(Study material)
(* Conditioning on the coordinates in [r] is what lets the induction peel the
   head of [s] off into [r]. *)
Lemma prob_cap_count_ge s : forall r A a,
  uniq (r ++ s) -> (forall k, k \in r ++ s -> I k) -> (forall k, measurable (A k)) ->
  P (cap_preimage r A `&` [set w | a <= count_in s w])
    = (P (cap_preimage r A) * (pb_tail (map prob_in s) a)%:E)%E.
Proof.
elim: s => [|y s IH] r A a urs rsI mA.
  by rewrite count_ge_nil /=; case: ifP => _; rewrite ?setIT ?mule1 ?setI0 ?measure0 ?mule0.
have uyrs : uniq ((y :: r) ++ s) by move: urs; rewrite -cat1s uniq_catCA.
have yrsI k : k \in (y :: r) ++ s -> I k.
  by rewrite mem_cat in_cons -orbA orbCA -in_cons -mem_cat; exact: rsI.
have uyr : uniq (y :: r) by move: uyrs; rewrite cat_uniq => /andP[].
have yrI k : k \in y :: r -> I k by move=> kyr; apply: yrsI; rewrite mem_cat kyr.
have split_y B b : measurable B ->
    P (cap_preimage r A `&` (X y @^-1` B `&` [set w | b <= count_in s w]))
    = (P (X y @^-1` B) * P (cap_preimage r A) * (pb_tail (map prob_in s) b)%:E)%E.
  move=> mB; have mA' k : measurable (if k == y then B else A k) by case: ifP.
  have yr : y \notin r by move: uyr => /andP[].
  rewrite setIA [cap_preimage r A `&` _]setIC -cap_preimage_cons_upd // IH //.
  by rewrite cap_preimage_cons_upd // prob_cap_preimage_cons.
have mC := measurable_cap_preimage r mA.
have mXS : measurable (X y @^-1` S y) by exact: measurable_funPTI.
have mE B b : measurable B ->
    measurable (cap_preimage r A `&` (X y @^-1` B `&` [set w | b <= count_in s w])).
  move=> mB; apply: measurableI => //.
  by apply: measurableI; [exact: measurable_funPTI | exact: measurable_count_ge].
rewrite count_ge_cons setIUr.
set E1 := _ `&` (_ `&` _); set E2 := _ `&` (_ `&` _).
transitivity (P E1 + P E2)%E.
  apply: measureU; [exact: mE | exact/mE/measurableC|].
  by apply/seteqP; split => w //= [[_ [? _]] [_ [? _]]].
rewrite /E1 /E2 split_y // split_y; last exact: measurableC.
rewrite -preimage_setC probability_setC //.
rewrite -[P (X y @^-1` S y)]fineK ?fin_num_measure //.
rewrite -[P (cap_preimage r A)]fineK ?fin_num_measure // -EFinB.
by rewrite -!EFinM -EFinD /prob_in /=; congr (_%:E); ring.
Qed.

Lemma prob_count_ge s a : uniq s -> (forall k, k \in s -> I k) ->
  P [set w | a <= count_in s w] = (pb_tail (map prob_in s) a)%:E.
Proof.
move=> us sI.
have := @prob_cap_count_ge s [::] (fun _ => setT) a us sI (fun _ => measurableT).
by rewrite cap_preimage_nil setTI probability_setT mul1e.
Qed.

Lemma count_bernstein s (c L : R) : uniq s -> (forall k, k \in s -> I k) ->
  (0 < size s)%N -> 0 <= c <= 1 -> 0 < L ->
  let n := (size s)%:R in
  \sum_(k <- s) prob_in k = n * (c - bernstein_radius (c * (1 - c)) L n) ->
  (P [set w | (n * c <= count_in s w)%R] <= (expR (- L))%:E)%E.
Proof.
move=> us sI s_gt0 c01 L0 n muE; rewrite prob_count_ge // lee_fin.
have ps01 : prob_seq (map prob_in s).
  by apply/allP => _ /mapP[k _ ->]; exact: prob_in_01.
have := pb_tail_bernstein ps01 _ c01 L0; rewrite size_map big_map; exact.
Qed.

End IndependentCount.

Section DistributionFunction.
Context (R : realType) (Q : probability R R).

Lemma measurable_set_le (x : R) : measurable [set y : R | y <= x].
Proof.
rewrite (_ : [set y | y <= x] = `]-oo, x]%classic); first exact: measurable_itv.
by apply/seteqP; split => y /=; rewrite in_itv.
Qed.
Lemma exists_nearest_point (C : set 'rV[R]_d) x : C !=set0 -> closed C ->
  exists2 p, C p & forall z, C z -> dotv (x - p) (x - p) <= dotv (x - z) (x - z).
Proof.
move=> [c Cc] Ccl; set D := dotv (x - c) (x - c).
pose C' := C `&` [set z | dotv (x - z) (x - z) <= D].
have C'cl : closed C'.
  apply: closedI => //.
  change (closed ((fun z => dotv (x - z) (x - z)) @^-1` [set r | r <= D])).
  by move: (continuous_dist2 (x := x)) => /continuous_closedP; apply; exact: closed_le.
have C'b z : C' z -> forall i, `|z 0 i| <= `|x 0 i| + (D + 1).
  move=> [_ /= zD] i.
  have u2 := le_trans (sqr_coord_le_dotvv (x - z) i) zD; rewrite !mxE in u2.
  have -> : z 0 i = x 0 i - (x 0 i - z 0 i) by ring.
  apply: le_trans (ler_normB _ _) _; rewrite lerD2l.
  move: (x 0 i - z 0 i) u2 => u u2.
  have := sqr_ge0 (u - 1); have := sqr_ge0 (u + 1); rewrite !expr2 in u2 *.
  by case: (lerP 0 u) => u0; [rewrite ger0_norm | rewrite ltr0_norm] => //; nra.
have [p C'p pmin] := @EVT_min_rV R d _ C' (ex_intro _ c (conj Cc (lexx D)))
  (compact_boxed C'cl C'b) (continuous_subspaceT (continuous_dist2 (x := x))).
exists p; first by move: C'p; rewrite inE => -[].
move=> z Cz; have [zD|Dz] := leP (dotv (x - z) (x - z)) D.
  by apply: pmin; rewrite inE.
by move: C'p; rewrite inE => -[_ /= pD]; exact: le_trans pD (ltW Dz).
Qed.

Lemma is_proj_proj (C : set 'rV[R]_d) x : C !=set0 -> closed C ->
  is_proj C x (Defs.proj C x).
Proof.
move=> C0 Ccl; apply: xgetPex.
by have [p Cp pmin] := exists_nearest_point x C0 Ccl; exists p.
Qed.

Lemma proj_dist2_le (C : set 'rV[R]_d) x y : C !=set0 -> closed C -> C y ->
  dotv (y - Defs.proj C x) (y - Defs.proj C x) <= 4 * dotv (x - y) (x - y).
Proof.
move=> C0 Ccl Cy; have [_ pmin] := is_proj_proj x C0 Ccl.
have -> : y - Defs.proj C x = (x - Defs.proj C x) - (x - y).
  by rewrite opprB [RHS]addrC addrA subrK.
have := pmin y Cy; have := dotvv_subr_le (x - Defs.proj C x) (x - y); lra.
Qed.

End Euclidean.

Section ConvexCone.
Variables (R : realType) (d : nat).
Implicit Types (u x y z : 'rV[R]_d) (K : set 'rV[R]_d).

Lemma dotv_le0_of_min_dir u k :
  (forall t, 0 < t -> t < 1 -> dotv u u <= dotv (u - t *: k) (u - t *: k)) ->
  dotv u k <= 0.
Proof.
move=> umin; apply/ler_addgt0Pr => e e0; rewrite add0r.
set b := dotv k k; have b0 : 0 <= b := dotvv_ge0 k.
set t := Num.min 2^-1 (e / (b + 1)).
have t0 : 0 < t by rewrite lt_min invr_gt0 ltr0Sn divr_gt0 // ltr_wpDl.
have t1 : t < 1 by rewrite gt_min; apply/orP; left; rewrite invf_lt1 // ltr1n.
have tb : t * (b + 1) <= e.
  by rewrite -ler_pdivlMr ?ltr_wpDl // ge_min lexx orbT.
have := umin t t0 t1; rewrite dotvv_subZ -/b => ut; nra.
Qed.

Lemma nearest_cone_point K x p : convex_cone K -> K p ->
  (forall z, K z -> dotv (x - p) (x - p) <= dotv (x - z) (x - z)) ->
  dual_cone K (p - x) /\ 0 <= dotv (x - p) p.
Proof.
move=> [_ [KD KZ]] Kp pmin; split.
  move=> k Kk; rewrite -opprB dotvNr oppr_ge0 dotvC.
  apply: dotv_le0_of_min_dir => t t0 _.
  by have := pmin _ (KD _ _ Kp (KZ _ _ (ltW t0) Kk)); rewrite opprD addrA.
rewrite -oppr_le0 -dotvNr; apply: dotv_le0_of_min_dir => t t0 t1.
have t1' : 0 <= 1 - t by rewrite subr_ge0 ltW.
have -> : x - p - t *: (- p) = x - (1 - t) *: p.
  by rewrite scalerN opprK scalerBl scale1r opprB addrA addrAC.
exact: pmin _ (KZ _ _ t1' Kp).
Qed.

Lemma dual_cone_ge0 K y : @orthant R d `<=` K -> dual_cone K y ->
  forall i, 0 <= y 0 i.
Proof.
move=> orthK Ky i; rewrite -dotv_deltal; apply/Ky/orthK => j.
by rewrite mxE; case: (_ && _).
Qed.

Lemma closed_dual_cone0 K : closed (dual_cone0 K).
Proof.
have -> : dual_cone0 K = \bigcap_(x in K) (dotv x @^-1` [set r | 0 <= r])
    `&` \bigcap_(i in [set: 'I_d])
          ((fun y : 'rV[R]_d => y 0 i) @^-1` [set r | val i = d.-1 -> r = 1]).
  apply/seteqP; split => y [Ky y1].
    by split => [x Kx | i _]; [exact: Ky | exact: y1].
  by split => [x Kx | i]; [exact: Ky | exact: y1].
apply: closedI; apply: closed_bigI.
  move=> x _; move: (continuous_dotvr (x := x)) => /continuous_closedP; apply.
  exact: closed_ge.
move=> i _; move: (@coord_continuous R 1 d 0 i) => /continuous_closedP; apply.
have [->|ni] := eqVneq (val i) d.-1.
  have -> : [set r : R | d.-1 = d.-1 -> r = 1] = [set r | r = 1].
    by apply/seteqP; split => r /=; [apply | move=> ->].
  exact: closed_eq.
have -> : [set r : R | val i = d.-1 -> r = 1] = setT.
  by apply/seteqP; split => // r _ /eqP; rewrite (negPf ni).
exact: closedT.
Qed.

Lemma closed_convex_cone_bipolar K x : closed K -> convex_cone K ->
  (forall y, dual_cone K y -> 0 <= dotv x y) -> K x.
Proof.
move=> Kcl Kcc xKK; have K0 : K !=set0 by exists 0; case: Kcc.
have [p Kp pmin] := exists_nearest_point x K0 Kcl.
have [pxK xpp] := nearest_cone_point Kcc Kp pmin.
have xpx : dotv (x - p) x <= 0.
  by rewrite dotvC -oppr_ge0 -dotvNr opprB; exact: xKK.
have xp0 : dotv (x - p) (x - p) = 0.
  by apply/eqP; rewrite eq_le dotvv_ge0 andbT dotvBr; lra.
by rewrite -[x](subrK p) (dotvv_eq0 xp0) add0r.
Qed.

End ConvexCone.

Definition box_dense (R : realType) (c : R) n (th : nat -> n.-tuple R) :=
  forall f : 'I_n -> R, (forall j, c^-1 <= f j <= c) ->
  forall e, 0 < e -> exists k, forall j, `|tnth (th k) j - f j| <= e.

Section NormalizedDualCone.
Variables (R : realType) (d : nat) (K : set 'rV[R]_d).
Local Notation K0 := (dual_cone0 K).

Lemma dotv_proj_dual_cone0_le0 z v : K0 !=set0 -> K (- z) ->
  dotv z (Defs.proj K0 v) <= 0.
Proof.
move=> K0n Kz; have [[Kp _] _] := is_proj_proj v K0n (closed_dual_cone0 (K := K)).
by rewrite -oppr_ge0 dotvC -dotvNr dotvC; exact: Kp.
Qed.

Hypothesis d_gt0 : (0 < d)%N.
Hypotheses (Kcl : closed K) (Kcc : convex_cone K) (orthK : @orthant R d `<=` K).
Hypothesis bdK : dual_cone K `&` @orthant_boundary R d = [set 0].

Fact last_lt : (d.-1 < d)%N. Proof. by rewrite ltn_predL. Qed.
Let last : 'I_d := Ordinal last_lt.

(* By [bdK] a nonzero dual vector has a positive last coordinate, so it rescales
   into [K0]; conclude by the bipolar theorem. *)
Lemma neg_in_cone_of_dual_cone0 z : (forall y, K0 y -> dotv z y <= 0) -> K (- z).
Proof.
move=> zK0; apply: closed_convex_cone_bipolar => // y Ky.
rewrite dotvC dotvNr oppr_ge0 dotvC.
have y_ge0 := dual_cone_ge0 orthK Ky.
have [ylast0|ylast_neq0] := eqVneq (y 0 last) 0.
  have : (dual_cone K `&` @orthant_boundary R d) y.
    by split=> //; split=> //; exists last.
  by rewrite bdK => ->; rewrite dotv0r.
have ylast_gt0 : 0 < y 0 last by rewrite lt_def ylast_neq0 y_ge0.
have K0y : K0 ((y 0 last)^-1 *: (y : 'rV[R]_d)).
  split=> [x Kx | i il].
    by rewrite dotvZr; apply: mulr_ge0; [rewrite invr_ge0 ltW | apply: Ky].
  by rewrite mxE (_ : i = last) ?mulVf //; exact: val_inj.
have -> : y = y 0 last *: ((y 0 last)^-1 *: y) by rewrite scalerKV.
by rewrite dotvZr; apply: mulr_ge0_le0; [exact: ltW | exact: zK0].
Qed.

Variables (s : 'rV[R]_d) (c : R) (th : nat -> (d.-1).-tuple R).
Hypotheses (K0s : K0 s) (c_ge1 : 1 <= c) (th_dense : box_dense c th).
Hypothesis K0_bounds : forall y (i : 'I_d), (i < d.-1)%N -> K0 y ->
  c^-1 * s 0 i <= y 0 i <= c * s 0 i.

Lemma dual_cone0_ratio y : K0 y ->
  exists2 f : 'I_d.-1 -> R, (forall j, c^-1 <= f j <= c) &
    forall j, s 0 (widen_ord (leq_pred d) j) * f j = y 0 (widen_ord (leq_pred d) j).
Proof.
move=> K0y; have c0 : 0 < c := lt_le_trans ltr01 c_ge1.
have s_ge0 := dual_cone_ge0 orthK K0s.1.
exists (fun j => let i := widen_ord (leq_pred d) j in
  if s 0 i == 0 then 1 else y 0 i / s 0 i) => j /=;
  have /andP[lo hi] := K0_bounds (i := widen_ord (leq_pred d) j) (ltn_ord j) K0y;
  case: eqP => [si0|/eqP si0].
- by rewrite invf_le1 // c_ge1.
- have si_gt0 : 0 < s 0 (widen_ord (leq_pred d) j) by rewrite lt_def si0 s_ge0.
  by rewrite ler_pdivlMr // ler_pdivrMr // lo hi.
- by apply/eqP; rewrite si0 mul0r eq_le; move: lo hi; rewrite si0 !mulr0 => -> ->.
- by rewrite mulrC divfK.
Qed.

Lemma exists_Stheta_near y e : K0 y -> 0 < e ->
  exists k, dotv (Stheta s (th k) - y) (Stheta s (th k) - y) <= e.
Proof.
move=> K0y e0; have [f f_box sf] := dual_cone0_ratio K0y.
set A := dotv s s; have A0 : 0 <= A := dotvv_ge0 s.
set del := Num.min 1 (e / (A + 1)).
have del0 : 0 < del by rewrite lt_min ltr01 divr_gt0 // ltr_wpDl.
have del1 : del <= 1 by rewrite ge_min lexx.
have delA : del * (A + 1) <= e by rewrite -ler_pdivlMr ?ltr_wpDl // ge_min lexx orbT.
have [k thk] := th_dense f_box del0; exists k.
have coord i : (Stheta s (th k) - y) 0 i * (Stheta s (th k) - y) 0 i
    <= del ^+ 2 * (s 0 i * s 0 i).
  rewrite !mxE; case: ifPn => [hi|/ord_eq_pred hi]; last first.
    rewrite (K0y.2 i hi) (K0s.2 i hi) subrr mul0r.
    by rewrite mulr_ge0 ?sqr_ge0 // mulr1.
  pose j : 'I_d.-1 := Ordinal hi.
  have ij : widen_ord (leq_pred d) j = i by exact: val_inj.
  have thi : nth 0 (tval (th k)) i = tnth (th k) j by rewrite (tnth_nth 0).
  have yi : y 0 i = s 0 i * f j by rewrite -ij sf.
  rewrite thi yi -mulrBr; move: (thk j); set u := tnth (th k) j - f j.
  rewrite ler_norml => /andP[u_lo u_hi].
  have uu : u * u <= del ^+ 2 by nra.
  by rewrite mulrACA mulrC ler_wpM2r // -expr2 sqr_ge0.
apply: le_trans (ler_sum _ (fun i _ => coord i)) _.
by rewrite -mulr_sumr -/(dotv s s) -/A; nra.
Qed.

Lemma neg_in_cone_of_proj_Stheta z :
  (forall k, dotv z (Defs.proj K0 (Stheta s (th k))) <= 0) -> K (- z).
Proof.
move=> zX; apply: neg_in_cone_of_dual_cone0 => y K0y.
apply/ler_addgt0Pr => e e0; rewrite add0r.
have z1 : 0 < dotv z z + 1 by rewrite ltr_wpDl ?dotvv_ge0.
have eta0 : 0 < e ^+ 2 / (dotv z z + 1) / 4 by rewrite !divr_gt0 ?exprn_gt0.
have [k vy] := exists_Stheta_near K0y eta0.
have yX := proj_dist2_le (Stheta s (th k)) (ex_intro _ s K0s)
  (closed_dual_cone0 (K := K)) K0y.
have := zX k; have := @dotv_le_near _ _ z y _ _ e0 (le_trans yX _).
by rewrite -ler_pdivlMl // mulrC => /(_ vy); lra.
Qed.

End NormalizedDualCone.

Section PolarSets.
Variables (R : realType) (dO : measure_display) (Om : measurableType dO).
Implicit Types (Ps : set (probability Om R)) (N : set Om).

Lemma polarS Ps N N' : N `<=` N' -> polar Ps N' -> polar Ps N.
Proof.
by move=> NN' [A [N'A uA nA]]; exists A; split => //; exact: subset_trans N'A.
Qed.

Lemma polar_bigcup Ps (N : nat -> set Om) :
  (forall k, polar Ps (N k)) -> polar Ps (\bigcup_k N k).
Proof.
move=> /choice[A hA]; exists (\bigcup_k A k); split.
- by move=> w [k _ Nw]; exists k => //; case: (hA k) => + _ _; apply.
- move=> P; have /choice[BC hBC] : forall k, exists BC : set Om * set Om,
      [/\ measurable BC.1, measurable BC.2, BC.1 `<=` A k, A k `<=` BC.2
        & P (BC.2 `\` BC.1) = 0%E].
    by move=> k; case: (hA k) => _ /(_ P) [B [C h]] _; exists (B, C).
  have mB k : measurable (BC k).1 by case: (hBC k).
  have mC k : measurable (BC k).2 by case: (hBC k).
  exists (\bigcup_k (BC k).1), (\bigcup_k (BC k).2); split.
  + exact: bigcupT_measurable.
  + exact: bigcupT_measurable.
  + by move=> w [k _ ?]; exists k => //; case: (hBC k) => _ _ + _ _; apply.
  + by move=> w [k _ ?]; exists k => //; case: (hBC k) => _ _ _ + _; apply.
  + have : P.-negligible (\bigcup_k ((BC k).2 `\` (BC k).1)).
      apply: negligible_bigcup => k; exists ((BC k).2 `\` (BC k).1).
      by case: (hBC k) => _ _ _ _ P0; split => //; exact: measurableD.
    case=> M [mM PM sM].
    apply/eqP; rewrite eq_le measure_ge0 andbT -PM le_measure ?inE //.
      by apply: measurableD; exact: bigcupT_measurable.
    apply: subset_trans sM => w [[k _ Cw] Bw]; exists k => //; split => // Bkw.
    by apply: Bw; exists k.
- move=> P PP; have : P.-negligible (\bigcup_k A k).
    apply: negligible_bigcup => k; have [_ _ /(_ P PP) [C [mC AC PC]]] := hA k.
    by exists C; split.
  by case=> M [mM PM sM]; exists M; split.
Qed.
(End Study material)
## Your assignment
Copy range, inclusive: the line holding "case: eqP => [si0|/eqP si0]." to the line holding "move=> K0y e0;". Reproduce exactly those lines of the records above and no others.

## Finished task
  case: eqP => [si0|/eqP si0].
- by rewrite invf_le1 // c_ge1.
- have si_gt0 : 0 < s 0 (widen_ord (leq_pred d) j) by rewrite lt_def si0 s_ge0.
  by rewrite ler_pdivlMr // ler_pdivrMr // lo hi.
- by apply/eqP; rewrite si0 mul0r eq_le; move: lo hi; rewrite si0 !mulr0 => -> ->.
- by rewrite mulrC divfK.
Qed.

Lemma exists_Stheta_near y e : K0 y -> 0 < e ->
  exists k, dotv (Stheta s (th k) - y) (Stheta s (th k) - y) <= e.
Proof.
move=> K0y e0; have [f f_box sf] := dual_cone0_ratio K0y.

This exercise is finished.